I had a call from the Empress this morning as I was finishing up the week’s blogging for the Australians. A dear friend of ours has lost her husband and the memorial service was this morning.
It was a good service; I kept thinking how much he would have liked it. There was a skirling bagpipe and a lady ragging up “I’ll Fly Away” on the piano and a slideshow and an elaborate military ritual and a lot of crying.
I hugged my friend and said, “I’ll talk to you later,” which was odd, but funerals make me feel odd.
The Empress came back to my place for a cup of tea. We haven’t really sat down together for a while, so we had a lot of catching up to do.
Later, I was thinking. Funerals do that to me, too. I thought, “She’s the first of us to lose her husband.”

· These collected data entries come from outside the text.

Lemma cont_on_scal_sub d P f g sg : cont_on d P f -> cont_on d P g ->
  cont_on d P (fun x => sg * (f x - g x)).
Proof.
  intros Hf Hg x Hx HPx eps Heps.
  set (e := eps / (2 * (Rabs sg + 1))).
  assert (He : 0 < e) by (apply Rdiv_lt_0_compat; [lra | pose proof (Rabs_pos sg); lra]).
  destruct (Hf x Hx HPx e He) as [d1 [Hd1 H1]]. destruct (Hg x Hx HPx e He) as [d2 [Hd2 H2]].
  exists (Rmin d1 d2). split; [now apply Rmin_pos|].
  intros y Hy HPy Hyx.
  assert (Hfy : Rabs (f y - f x) < e) by (apply H1; auto; eapply Rlt_le_trans; [exact Hyx | apply Rmin_l]).
  assert (Hgy : Rabs (g y - g x) < e) by (apply H2; auto; eapply Rlt_le_trans; [exact Hyx | apply Rmin_r]).
  replace (sg * (f y - g y) - sg * (f x - g x)) with (sg * ((f y - f x) - (g y - g x))) by ring.
  rewrite Rabs_mult. assert (Hfg : Rabs ((f y - f x) - (g y - g x)) < 2 * e).
  { unfold Rminus at 1. eapply Rle_lt_trans; [apply Rabs_triang|]. rewrite Rabs_Ropp. lra. }
  assert (E : 2 * e * (Rabs sg + 1) = eps) by (unfold e; field; pose proof (Rabs_pos sg); lra).
  pose proof (Rabs_pos sg). pose proof (Rabs_pos (f y - f x - (g y - g x))). nra.
Qed.

Lemma cont_on_comp d P f h : cont_on d P f -> (forall z, continuity_pt h z) ->
  cont_on d P (fun x => h (f x)).
Proof.
  intros Hf Hh x Hx HPx eps Heps.
  destruct (continuity_pt_ball _ _ (Hh (f x)) eps Heps) as [alp [Halp Hball]].
  destruct (Hf x Hx HPx alp Halp) as [del [Hdel H]].
  exists del. split; auto.
Qed.

(** * Second derivatives at a maximum *)

Lemma second_derivative_nonpos_at_max (g g1 : R -> R) (l eta : R) : 0 < eta ->
  (forall t, Rabs t < eta -> derivable_pt_lim g t (g1 t)) -> derivable_pt_lim g1 0 l ->
  (forall t, Rabs t < eta -> g t <= g 0) -> l <= 0.
Proof.
  intros Heta Hg Hg1 Hmax.
  assert (Hg10 : g1 0 = 0).
  { assert (H0 : Rabs 0 < eta) by (rewrite Rabs_R0; lra).
    apply (deriv_maximum g (-eta) eta 0 (exist _ (g1 0) (Hg 0 H0))); try lra.
    intros t Ht1 Ht2. apply Hmax, Rabs_def1; lra. }
  apply Rnot_lt_le. intros Hl.
  (* g1 t > 0 for small t > 0, so g increases to the right of its maximum 0 *)
  destruct (Hg1 (l / 2)) as [del Hdel]; [lra|].
  set (h := Rmin del eta / 2).
  assert (Hh : 0 < h < del /\ h < eta)
    by (pose proof (cond_pos del); unfold h, Rmin; destruct (Rle_dec del eta); lra).
  destruct (MVT_cor2 g g1 0 h) as [c [Hgc Hc]]; [lra| |].
  { intros c Hc. apply Hg, Rabs_def1; lra. }
  assert (Hpos : 0 < g1 c).
  { assert (Hc0 : c <> 0) by lra. assert (Hcd : Rabs c < del) by (rewrite Rabs_right; lra).
    specialize (Hdel c Hc0 Hcd). rewrite Rplus_0_l, Hg10, Rminus_0_r in Hdel.
    apply Rabs_def2 in Hdel. destruct Hdel as [_ Hlow].
    replace (g1 c) with (g1 c / c * c) by (field; lra). nra. }
  assert (g h <= g 0) by (apply Hmax; rewrite Rabs_right; lra).
  nra.
Qed.

Lemma partial_is_along_line u i x t l :
  partial_is u i (shift x i t) l -> derivable_pt_lim (fun s => u (shift x i s)) t l.
Proof.
  intros H eps Heps. destruct (H eps Heps) as [del Hdel]. exists del.
  intros h Hh Hhd. specialize (Hdel h Hh Hhd).
  rewrite !shift_shift, Rplus_0_l, Rplus_0_r in Hdel. exact Hdel.
Qed.

Ltac derive_by_field :=
  apply is_derive_Reals; auto_derive;
  [repeat split; repeat apply Rmult_integral_contrapositive_currified; lra | field; repeat split; lra].

Lemma derivable_pt_lim_quadratic S a t :
  derivable_pt_lim (fun t => S + 2 * a * t + t ^ 2) t (2 * a + 2 * t).
Proof. derive_by_field. Qed.

Lemma second_partial_le_at_max d U Du phi phi1 phi2 sg p i D2 eta :
  0 < eta -> (i < d)%nat ->
  (forall t, Rabs t < eta -> 0 < sumsq d (shift p i t) /\
     partial_is U i (shift p i t) (Du (shift p i t)) /\
     sg * (U (shift p i t) - phi (sumsq d (shift p i t))) <= sg * (U p - phi (sumsq d p))) ->
  partial_is Du i p D2 ->
  (forall S, 0 < S -> derivable_pt_lim phi S (phi1 S)) ->
  derivable_pt_lim phi1 (sumsq d p) phi2 ->
  sg * (D2 - (phi2 * (2 * p i) ^ 2 + 2 * phi1 (sumsq d p))) <= 0.
Proof.
  intros Heta Hi Hloc HD2 Hphi Hphi1.
  set (S := sumsq d p) in *. set (a := p i).
  set (quad := fun t => S + 2 * a * t + t ^ 2).
  assert (Hquad : forall t, sumsq d (shift p i t) = quad t) by (intro; now apply sumsq_shift).
  assert (Hquad0 : quad 0 = S) by (unfold quad; ring).
  apply (second_derivative_nonpos_at_max
           (fun t => sg * (U (shift p i t) - phi (quad t)))
           (fun t => sg * (Du (shift p i t) - phi1 (quad t) * (2 * a + 2 * t))) _ eta Heta).
  - intros t Ht. destruct (Hloc t Ht) as [Hpos [HU _]]. rewrite Hquad in Hpos.
    apply derivable_pt_lim_scal, derivable_pt_lim_minus.
    + now apply partial_is_along_line.
    + apply (derivable_pt_lim_comp quad phi); [apply derivable_pt_lim_quadratic | now apply Hphi].
  - replace (D2 - (phi2 * (2 * a) ^ 2 + 2 * phi1 S))
      with (D2 - (phi2 * (2 * a + 2 * 0) * (2 * a + 2 * 0) + phi1 (quad 0) * 2))
      by (rewrite Hquad0; ring).
    apply derivable_pt_lim_scal, derivable_pt_lim_minus; [exact HD2|].
    apply (derivable_pt_lim_mult (fun t => phi1 (quad t)) (fun t => 2 * a + 2 * t)).
    + apply (derivable_pt_lim_comp quad phi1); [apply derivable_pt_lim_quadratic|].
      now rewrite Hquad0.
    + derive_by_field.
  - intros t Ht. destruct (Hloc t Ht) as [_ [_ Hmax]].
    rewrite shift0, Hquad0, <- Hquad. exact Hmax.
Qed.

Lemma sum_to_nonpos d a : (forall i, (i < d)%nat -> a i <= 0) -> sum_to d a <= 0.
Proof.
  induction d as [|d IH]; intros Ha; simpl; [lra|].
  assert (a d <= 0) by (apply Ha; lia). assert (sum_to d a <= 0) by (apply IH; intros; apply Ha; lia).
  lra.
Qed.

Lemma sum_to_scal_sub d sg a b :
  sum_to d (fun i => sg * (a i - b i)) = sg * (sum_to d a - sum_to d b).
Proof. induction d; simpl; [ring|]. rewrite IHd. ring. Qed.

Lemma sum_to_affine_sq d A B x :
  sum_to d (fun i => A * x i ^ 2 + B) = A * sumsq d x + B * INR d.
Proof.
  induction d as [|d IH]; [simpl; ring|].
  change (sum_to d (fun i => A * x i ^ 2 + B) + (A * x d ^ 2 + B)
          = A * (sumsq d x + x d ^ 2) + B * INR (S d)).
  rewrite IH, S_INR. ring.
Qed.

Lemma sumsq_shift_gt1 d p i : 1 < sumsq d p -> (i < d)%nat ->
  exists eta, 0 < eta /\ forall t, Rabs t < eta -> 1 < sumsq d (shift p i t).
Proof.
  intros Hp Hi.
  assert (Hcont : continuity_pt (fun t => sumsq d p + 2 * p i * t + t ^ 2) 0)
    by (apply derivable_continuous_pt; eexists; apply derivable_pt_lim_quadratic).
  destruct (continuity_pt_ball _ _ Hcont (sumsq d p - 1)) as [eta [Heta Hball]]; [lra|].
  exists eta. split; auto. intros t Ht. rewrite sumsq_shift by auto.
  specialize (Hball t). rewrite Rminus_0_r in Hball. specialize (Hball Ht).
  apply Rabs_def2 in Hball. lra.
Qed.

Lemma laplacian_le_at_max d U Du D2u phi phi1 phi2 sg p :
  inRd d p -> 1 < sumsq d p ->
  (forall x, inRd d x -> 1 < sumsq d x -> forall i, (i < d)%nat -> partial_is U i x (Du i x)) ->
  (forall i, (i < d)%nat -> partial_is (Du i) i p (D2u i i p)) ->
  (forall S, 0 < S -> derivable_pt_lim phi S (phi1 S)) ->
  derivable_pt_lim phi1 (sumsq d p) phi2 ->
  (forall y, inRd d y -> 1 < sumsq d y ->
     sg * (U y - phi (sumsq d y)) <= sg * (U p - phi (sumsq d p))) ->
  sg * (sum_to d (fun i => D2u i i p) - (4 * sumsq d p * phi2 + 2 * INR d * phi1 (sumsq d p))) <= 0.
Proof.
  intros Hp Hp1 HU HD2 Hphi Hphi1 Hmax.
  assert (Haxis : forall i, (i < d)%nat ->
    sg * (D2u i i p - (phi2 * (2 * p i) ^ 2 + 2 * phi1 (sumsq d p))) <= 0).
  { intros i Hi. destruct (sumsq_shift_gt1 d p i Hp1 Hi) as [eta [Heta Hshift]].
    apply (second_partial_le_at_max d U (Du i) phi phi1 phi2 sg p i _ eta); auto.
    intros t Ht. specialize (Hshift t Ht). pose proof (inRd_shift d p i t Hp Hi).
    repeat split; [lra | now apply HU | now apply Hmax]. }
  pose proof (sum_to_nonpos d _ Haxis) as Hsum.
  rewrite sum_to_scal_sub in Hsum.
  replace (sum_to d (fun i => phi2 * (2 * p i) ^ 2 + 2 * phi1 (sumsq d p)))
    with (sum_to d (fun i => 4 * phi2 * p i ^ 2 + 2 * phi1 (sumsq d p))) in Hsum.
  - rewrite sum_to_affine_sq in Hsum. now replace (4 * sumsq d p * phi2 + 2 * INR d * phi1 (sumsq d p))
      with (4 * phi2 * sumsq d p + 2 * phi1 (sumsq d p) * INR d) by ring.
  - f_equal. apply functional_extensionality. intro i. ring.
Qed.

(** * Compactness of annuli and the maximum principle *)

Definition strict_increasing (phi : nat -> nat) : Prop := forall n, (phi n < phi (S n))%nat.

Lemma strict_increasing_ge phi : strict_increasing phi -> forall n, (n <= phi n)%nat.
Proof. intros Hphi n. induction n; [lia|]. specialize (Hphi n). lia. Qed.

Lemma strict_increasing_comp phi psi :
  strict_increasing phi -> strict_increasing psi -> strict_increasing (fun n => phi (psi n)).
Proof.
  intros Hphi Hpsi n. specialize (Hpsi n). induction Hpsi as [|m _ IH].
  - apply Hphi.
  - specialize (Hphi m). lia.
Qed.

Lemma Un_cv_subseq u l phi : strict_increasing phi -> Un_cv u l -> Un_cv (fun n => u (phi n)) l.
Proof.
  intros Hphi Hu eps Heps. destruct (Hu eps Heps) as [N HN]. exists N.
  intros n Hn. apply HN. pose proof (strict_increasing_ge phi Hphi n). lia.
Qed.

(* [next N k] is an index [>= N] at which [u] is within [1/(k+1)] of its cluster point. *)
Fixpoint extraction (next : nat -> nat -> nat) (n : nat) : nat :=
  match n with
  | O => next O O
  | S m => next (S (extraction next m)) (S m)
  end.

Lemma cluster_point_subseq u l : ValAdh u l ->
  exists phi, strict_increasing phi /\ Un_cv (fun n => u (phi n)) l.
Proof.
  intros Hl.
  assert (Hnext : forall N k, exists n, (N <= n)%nat /\ Rabs (u n - l) < / INR (S k)).
  { intros N k.
    assert (Hk : 0 < / INR (S k)) by (apply Rinv_0_lt_compat, lt_0_INR; lia).
    destruct (Hl (disc l (mkposreal _ Hk)) N) as [n Hn]; [now exists (mkposreal _ Hk)|].
    now exists n. }
  destruct (choice (fun (Nk : nat * nat) n => (fst Nk <= n)%nat /\ Rabs (u n - l) < / INR (S (snd Nk))))
    as [f Hf]; [intros [N k]; apply Hnext|].
  set (next := fun N k => f (N, k)).
  exists (extraction next). split.
  - intro n. simpl. destruct (Hf (S (extraction next n), S n)) as [Hge _]. simpl in Hge. unfold next at 2. lia.
  - intros eps Heps. destruct (archimed_cor1 eps Heps) as [N [HN HN0]].
    exists N. intros n Hn. unfold R_dist.
    assert (Hclose : Rabs (u (extraction next n) - l) < / INR (S n))
      by (destruct n; apply (Hf (_, _))).
    eapply Rlt_trans; [exact Hclose|]. eapply Rle_lt_trans; [|exact HN].
    apply Rinv_le_contravar; [apply lt_0_INR; lia | apply le_INR; lia].
Qed.

Lemma bounded_seq_cv_subseq u M : (forall n, Rabs (u n) <= M) ->
  exists phi, strict_increasing phi /\ exists l, Un_cv (fun n => u (phi n)) l.
Proof.
  intros Hu.
  destruct (Bolzano_Weierstrass u (fun c => -M <= c <= M) (compact_P3 (-M) M)) as [l Hl].
  { intro n. now apply Rabs_le_between. }
  destruct (cluster_point_subseq u l Hl) as [phi Hphi]. exists phi. split; [apply Hphi|]. now exists l.
Qed.

Lemma coords_cv_subseq d (x : nat -> nat -> R) M :
  (forall n i, (i < d)%nat -> Rabs (x n i) <= M) ->
  exists phi, strict_increasing phi /\
    exists l : nat -> R, forall i, (i < d)%nat -> Un_cv (fun n => x (phi n) i) (l i).
Proof.
  induction d as [|d IH]; intros Hx.
  - exists (fun n => n). split; [intro; lia|]. exists (fun _ => 0). intros; lia.
  - destruct IH as [phi [Hphi [l Hl]]]; [intros n i Hi; apply Hx; lia|].
    destruct (bounded_seq_cv_subseq (fun n => x (phi n) d) M) as [psi [Hpsi [L HL]]];
      [intro; apply Hx; lia|].
    exists (fun n => phi (psi n)). split; [now apply strict_increasing_comp|].
    exists (fun i => if Nat.eqb i d then L else l i).
    intros i Hi. destruct (Nat.eqb_spec i d) as [->|Hne]; [exact HL|].
    apply (Un_cv_subseq (fun n => x (phi n) i)); [exact Hpsi | apply Hl; lia].
Qed.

Because we brought up our kids, and each of us had a daughter get married, and we all lost parents, and we’ve just generally shared a lot of milestones in a group, more or less. And most of us will be widows, statistically speaking, but she was the first.
I also thought about the people I knew in college, for some reason. I can only remember a few names from those days and I’ve only kept in touch with one friend from school. So I googled a few… those whose names I can remember.
One has become a lawyer and one is still a musician, and good for both of them. One appears to have become a New Age trainer of some kind, and another is a pastor. The rest are invisible online. How can that be? It’s the 21st century. What are they doing, that they don’t even have a profile on LinkedIn or Facebook?
And what of all those people whose names I cannot now even recall? I can remember deep conversations and easy fun and complex relationships, dates and crushes we thought at the time were love, and feelings of connection that apparently evaporated pretty quickly. Now I can’t even remember these people.
It’s so easy to lose track of people. There was no point at which I thought, “I’m never going to contact her again. I’m going to forget all about him.” It just happened. I’ve slid in and out of friendships with so many people over the years, unintentionally.
And my friend whom I saw today, too. There was no point at which I decided not to be friends with her any more, and yet there I was at her husband’s funeral, completely astonished. It has been … a year or more, I’m sure, since I last saw her. Why had I not been there for her when he was ill? I guess I’ve just been busy, and time flies when you’re having fun.
The Empress and I have a plan to get together with this friend of ours regularly. The Empress is good at organizing things, so it might happen.